3. Placement and routing issues
“We can also predict bottlenecks when tracing; this is critical to the topology of our chips. In the normal process, we have a join table that goes through a placement and routing process; it can be quite long and often takes several days. And only after that we can identify bottlenecks by finding out that the current placement of elements is not adequate. We have to refactor the topology and place the macros differently to avoid red areas (see slide below) where there are too many wires and a kind of “traffic jam” for the bits. Now we can not perform the process of placement and tracing, it is enough to take these connection tables and using a graph neural network to predict the places where “traffic jams” form with fairly accurate results. They’re not perfect, but they identify problem areas, after which we can react to this and iterate very quickly, without the need for a full placement and routing process, ”says Bill.

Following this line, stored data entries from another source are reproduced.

Lemma mx3_mul_col3 m00 m01 m02 m10 m11 m12 m20 m21 m22 a b c :
  mx3 [:: [:: m00; m01; m02]; [:: m10; m11; m12]; [:: m20; m21; m22]] *m col3 a b c =
  col3 (m00 * a + m01 * b + m02 * c) (m10 * a + m11 * b + m12 * c)
       (m20 * a + m21 * b + m22 * c).
Proof.
apply/matrixP=> i j; rewrite !mxE !big_ord_recr big_ord0 /= !mxE add0r.
by case: i => [[|[|[|//]]] Hi].
Qed.

Lemma mxcol_inj (A B : 'M[R]_3) : (forall x, A *m x = B *m x) -> A = B.
Proof.
move=> AB; apply/matrixP=> i j.
by have := congr1 (fun v : 'cV[R]_3 => v i 0) (AB (delta_mx j 0)); rewrite -!colE !mxE.
Qed.

Lemma lb_col3 a b c a' b' c' :
  lb (col3 a b c) (col3 a' b' c') = col3 (b * c' - c * b') (a * c' - c * a') (a * b' - b * a').
Proof. by apply/matrixP=> i j; rewrite !mxE. Qed.

End Coordinates.

Section InvariantForm.
Variable R : realType.
Implicit Types (a b c d e f : R) (u v w x y : 'cV[R]_3) (J P S : 'M[R]_3).

(* Half the Killing form of sl(2,R) in the basis (Y_1, Y_2, Y_3). *)
Definition kform x y : R := x 0 0 * y 0 0 - x 1 0 * y 1 0 + x 2%:R 0 * y 2%:R 0.

Lemma kform_col3 a b c a' b' c' : kform (col3 a b c) (col3 a' b' c') = a * a' - b * b' + c * c'.
Proof. by rewrite /kform !mxE. Qed.

Definition kisometry (P : 'M[R]_3) := forall x y, kform (P *m x) (P *m y) = kform x y.

Definition kselfadj (S : 'M[R]_3) := forall x y, kform (S *m x) y = kform x (S *m y).

Definition adr (u : 'cV[R]_3) : 'M[R]_3 :=
  mx3 [:: [:: 0; u 2%:R 0; - u 1 0]; [:: u 2%:R 0; 0; - u 0 0]; [:: u 1 0; - u 0 0; 0]].

Lemma adrE u x : adr u *m x = lb x u.
Proof.
rewrite (col3_eta x) (col3_eta u) /adr !mxE /= mx3_mul_col3 lb_col3.
by congr col3; ring.
Qed.

Definition smx a b c d e f : 'M[R]_3 := mx3 [:: [:: a; b; c]; [:: - b; - d; - e]; [:: c; e; f]].

Lemma kselfadjP S : kselfadj S ->
  S = smx (S 0 0) (S 0 1) (S 0 2%:R) (- S 1 1) (- S 1 2%:R) (S 2%:R 2%:R).
Proof.
move=> hS; rewrite {1}(mx3_eta S) /smx !opprK.
have sym i j := hS (delta_mx i 0) (delta_mx j 0).
have := sym 0 1; have := sym 0 2%:R; have := sym 1 2%:R.
rewrite -!colE /kform !mxE /= => h12 h02 h01.
by congr (mx3 [:: [:: _; _; _]; [:: _; _; _]; [:: _; _; _]]); lra.
Qed.

Lemma kselfadj_smx a b c d e f : kselfadj (smx a b c d e f).
Proof.
move=> x y; rewrite (col3_eta x) (col3_eta y) /smx !mx3_mul_col3 !kform_col3; ring.
Qed.

Lemma adr_smx_decomp J : exists u a b c d e f, J = adr u + smx a b c d e f.
Proof.
exists (col3 (- (J 1 2%:R + J 2%:R 1) / 2) ((J 2%:R 0 - J 0 2%:R) / 2) ((J 0 1 + J 1 0) / 2)).
exists (J 0 0), ((J 0 1 - J 1 0) / 2), ((J 0 2%:R + J 2%:R 0) / 2), (- J 1 1).
exists ((J 2%:R 1 - J 1 2%:R) / 2), (J 2%:R 2%:R).
rewrite {1}(mx3_eta J) /adr /smx; apply/matrixP=> i j; rewrite !mxE /=.
by case: i => [[|[|[|//]]] Hi]; case: j => [[|[|[|//]]] Hj]; rewrite /=; field.
Qed.

Lemma lie_aut_unit P : lie_aut P -> P \in unitmx.
Proof. by case. Qed.

Lemma lie_aut_inv P : lie_aut P -> lie_aut (invmx P).
Proof.
move=> [Pu Paut]; split; first by rewrite unitmx_inv.
move=> x y; apply: (can_inj (mulKmx Pu)).
by rewrite Paut !mulKVmx.
Qed.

4. Automate the migration of standard cells
“All of the techniques described above use AI to challenge human design decisions. However, an even more amazing feature is the use of AI in the design itself. I will show this with two examples. The first is the system we call NVCell, it uses a combination of annealing simulation and reinforcement learning to design our standard cell library. Every time we create a new technology, let’s say we go from seven nanometers to five, we have a library of cells. A cell can be an AND gate, an OR gate, a full adder. We have many thousands of these cells that need to be redesigned for new technology with a very complex set of rules.”

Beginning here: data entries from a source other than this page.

Lemma is_derive_bernpoly n x : is_derive x 1 (B n) (n%:R * B n.-1 x).
Proof.
have dterm (k : 'I_n.+1) :=
  is_derive_scalef ('C(n, k)%:R * b k) (is_derive_exprn (n - k) x).
apply: is_derive_eq (is_derive_sumf dterm) _.
case: n dterm => [|n] _; first by rewrite big_ord1 mul0r mulr0 mul0r.
rewrite big_ord_recr /= subnn mul0r mulr0 addr0 /bernpoly mulr_sumr.
apply: eq_bigr => k _; have kn : (k <= n)%N := ltnSE (ltn_ord k).
have bin_down : ('C(n.+1, k) * (n - k).+1 = n.+1 * 'C(n, k))%N.
  by rewrite mulnC -subSn // -mul_bin_down.
rewrite subSn //=.
transitivity (('C(n.+1, k) * (n - k).+1)%:R * (b k * x ^+ (n - k))).
  by rewrite natrM; ring.
by rewrite bin_down natrM; ring.
Qed.

Lemma bernpolyD1 n t : B n (t + 1) = B n t + n%:R * t ^+ n.-1.
Proof.
pose d n t := B n (t + 1) - B n t - n%:R * t ^+ n.-1.
suff /(_ n t)/eqP : forall n t, d n t = 0.
  by rewrite /d subr_eq0 subr_eq => /eqP ->; rewrite addrC.
apply: (@appell_seq_eq0 _ d (fun n => n.+1%:R)) => [m x||m].
- apply: is_derive_eq (is_derive_subf (is_derive_subf
    (is_derive_comp_addr (is_derive_bernpoly _ _)) (is_derive_bernpoly _ x))
    (is_derive_scalef _ (is_derive_exprn _ x))) _.
  by rewrite /d /=; case: m => [|m] /=; ring.
- by move=> x; rewrite /d !bernpoly0 mul0r !subrr.
- by rewrite /d add0r bernpoly_at1 bernpoly_at0 expr0n; case: m => [|m] /=; ring.
Qed.

Lemma bernpoly1B n t : B n (1 - t) = (-1) ^+ n * B n t.
Proof.
pose d n t := B n (- t + 1) - (-1) ^+ n * B n t.
have dd m x : is_derive x 1 (d m) (- m%:R * d m.-1 x).
  apply: is_derive_eq (is_derive_subf
    (is_derive_comp_opp (is_derive_comp_addr (is_derive_bernpoly _ _)))
    (is_derive_scalef _ (is_derive_bernpoly _ x))) _.
  by rewrite /d; case: m => [|m] /=; rewrite ?exprS; ring.
suff /(_ n t)/eqP : forall n t, d n t = 0 by rewrite /d subr_eq0 addrC => /eqP.
apply: (@periodic_appell_seq_eq0 _ d (fun m => - m.+1%:R) (fun m => dd m.+1)) => [x|m|m].
- by apply: is_derive_eq (dd 0 x) _; rewrite mulNr mul0r oppr0.
- by rewrite oppr_eq0 pnatr_eq0.
- rewrite /d addNr oppr0 add0r bernpoly_at1 bernpoly_at0.
  by case: m => [|m] /=; rewrite ?expr1; ring.
Qed.

Lemma bernpolyD1E n w :
  B n (w + 1) = \sum_(k < n.+1) 'C(n, k)%:R * ((-1) ^+ k * b k) * w ^+ (n - k).
Proof.
have -> : w + 1 = 1 - (- w) by rewrite opprK addrC.
rewrite bernpoly1B /bernpoly mulr_sumr; apply: eq_bigr => k _.
have kn : (k <= n)%N by rewrite -ltnS.
have sign_sq : (-1) ^+ (n - k) * (-1) ^+ (n - k) = 1 :> R.
  by rewrite -exprD -signr_odd oddD addbb.
rewrite -{1}(subnKC kn) exprD [(- w) ^+ _]exprNn.
transitivity ('C(n, k)%:R * ((-1) ^+ k * b k) * w ^+ (n - k)
              * ((-1) ^+ (n - k) * (-1) ^+ (n - k))); first ring.
by rewrite sign_sq mulr1.
Qed.

End Bernoulli.

Lemma mul_bin_bin n j h : (h <= j)%N -> (j <= n)%N ->
  ('C(n, j) * 'C(j, h) = 'C(n, h) * 'C(n - h, j - h))%N.
Proof.
move=> hj jn; have hn := leq_trans hj jn.
have fact_pos : (0 < h`! * (j - h)`! * (n - j)`!)%N by rewrite !muln_gt0 !fact_gt0.
apply/eqP; rewrite -(eqn_pmul2r fact_pos); apply/eqP.
transitivity n`!; first by rewrite -(bin_fact jn) -(bin_fact hj); ring.
rewrite -(bin_fact hn) -(@bin_fact (n - h) (j - h)) ?leq_sub2r //.
by rewrite (_ : n - h - (j - h) = n - j)%N; [ring | lia].
Qed.

Lemma bin_trinomial m q h : (h <= q)%N ->
  ('C(m.+1 + q, h) * 'C(m + q - h, m) * (m.+1 + q - h)
   = 'C(m.+1 + q, q) * m.+1 * 'C(q, h))%N.
Proof.
move=> hq.
have diag : ((m.+1 + q - h) * 'C(m + q - h, m) = m.+1 * 'C(m.+1 + q - h, q - h))%N.
  have -> : (m + q - h = (m.+1 + q - h).-1)%N by lia.
  rewrite mul_bin_diag -(@bin_sub _ (q - h)); last by lia.
  by congr (_ * 'C(_, _))%N; lia.
rewrite -mulnA [(_ * (_ - h))%N]mulnC diag.
by rewrite mulnCA -(@mul_bin_bin (m.+1 + q) q h) ?leq_addl //; ring.
Qed.

Lemma mul_bin_diag2 m k :
  ('C((m + k).+2, k.+1) * k.+1 * m.+1 = (m + k).+2 * (m + k).+1 * 'C(m + k, m))%N.
Proof.
rewrite [('C(_, _) * _)%N]mulnC -mul_bin_diag /= -mulnA.
rewrite -(@bin_sub (m + k).+1 k) ?leqW ?leq_addl //.
rewrite (_ : (m + k).+1 - k = m.+1)%N; last by lia.
by rewrite [('C(_, _) * _)%N]mulnC -mul_bin_diag mulnA.
Qed.

Section IntegerBinomial.
Context {R : realType}.
Local Notation binomZ := (binomZ R).

Lemma binomZ0 n : binomZ n 0 = 1.
Proof. by rewrite /binomZ big_ord0 divr1. Qed.

Lemma binomZ_pascal n k : binomZ n k.+1 = binomZ (n - 1) k.+1 + binomZ (n - 1) k.
Proof.
pose P := \prod_(i < k) ((n - 1 - i%:Z)%:~R : R).
have prodSl : \prod_(i < k.+1) ((n - i%:Z)%:~R : R) = n%:~R * P.
  rewrite big_ord_recl subr0; congr (_ * _); apply: eq_bigr => i _.
  by congr (_%:~R); rewrite lift0; lia.
rewrite /binomZ prodSl big_ord_recr -/P factS natrM !intrB.
have kfact_neq0 : (k`!%:R : R) != 0 by rewrite pnatr_eq0 -lt0n fact_gt0.
rewrite /= -[1%:~R]/(1 : R) -[k%:~R]/(k%:R : R).
by field; rewrite kfact_neq0 addrC natr1 pnatr_eq0.
Qed.

Lemma binomZ_nat n k : binomZ n%:Z k = 'C(n, k)%:R.
Proof.
elim: n k => [|n IHn] [|k]; rewrite ?binomZ0 ?bin0 //.
  by rewrite /binomZ big_ord_recl subr0 !mul0r.
by rewrite binomZ_pascal binS natrD -!IHn; congr (binomZ _ _ + binomZ _ _); lia.
Qed.

Lemma binomZ_N1 k : binomZ (-1) k = (-1) ^+ k.
Proof.
elim: k => [|k IHk]; first exact: binomZ0.
have /esym/eqP := binomZ_pascal 0 k.
by rewrite binomZ_nat bin0n sub0r IHk addr_eq0 exprS mulN1r => /eqP.
Qed.

End IntegerBinomial.

Section BernoulliConvolution.
Context {R : realType}.
Implicit Types (x c : R) (e : nat -> R).
Local Notation B := (@bernpoly R).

“Essentially, we do this by using reinforcement learning to place the transistors. But more importantly, after placing them, a lot of design violations occur, and the neural network “passes” them like a video game. This is exactly what reinforcement learning is particularly good at. One great example of this is the use of reinforcement learning for Atari video games. So, it’s like an Atari video game, but this video game is all about fixing design rule violations in a standard cell. By eliminating these violations using reinforcement learning, we can, in fact, complete the design of standard cells. The slide below shows that 92% of the elements of the cell library were created without violating the design rules and the rules for constructing diagrams. At the same time, 12% of them are smaller than human-designed cells, and in general, in terms of cell complexity, this tool does the same as a living designer, or even better.”
“This solves two of our problems. First, we greatly save on human labor. It took a good part of a year for a group of about ten people to port a library of new technology. Now we can do it with a couple of GPUs running for days. After that, people can finalize the remaining 8% of the cells that could not be created automatically. And in many cases, the design designed by the neural network turns out to be more perfect. That is, we save on labor and get a better result than people do.”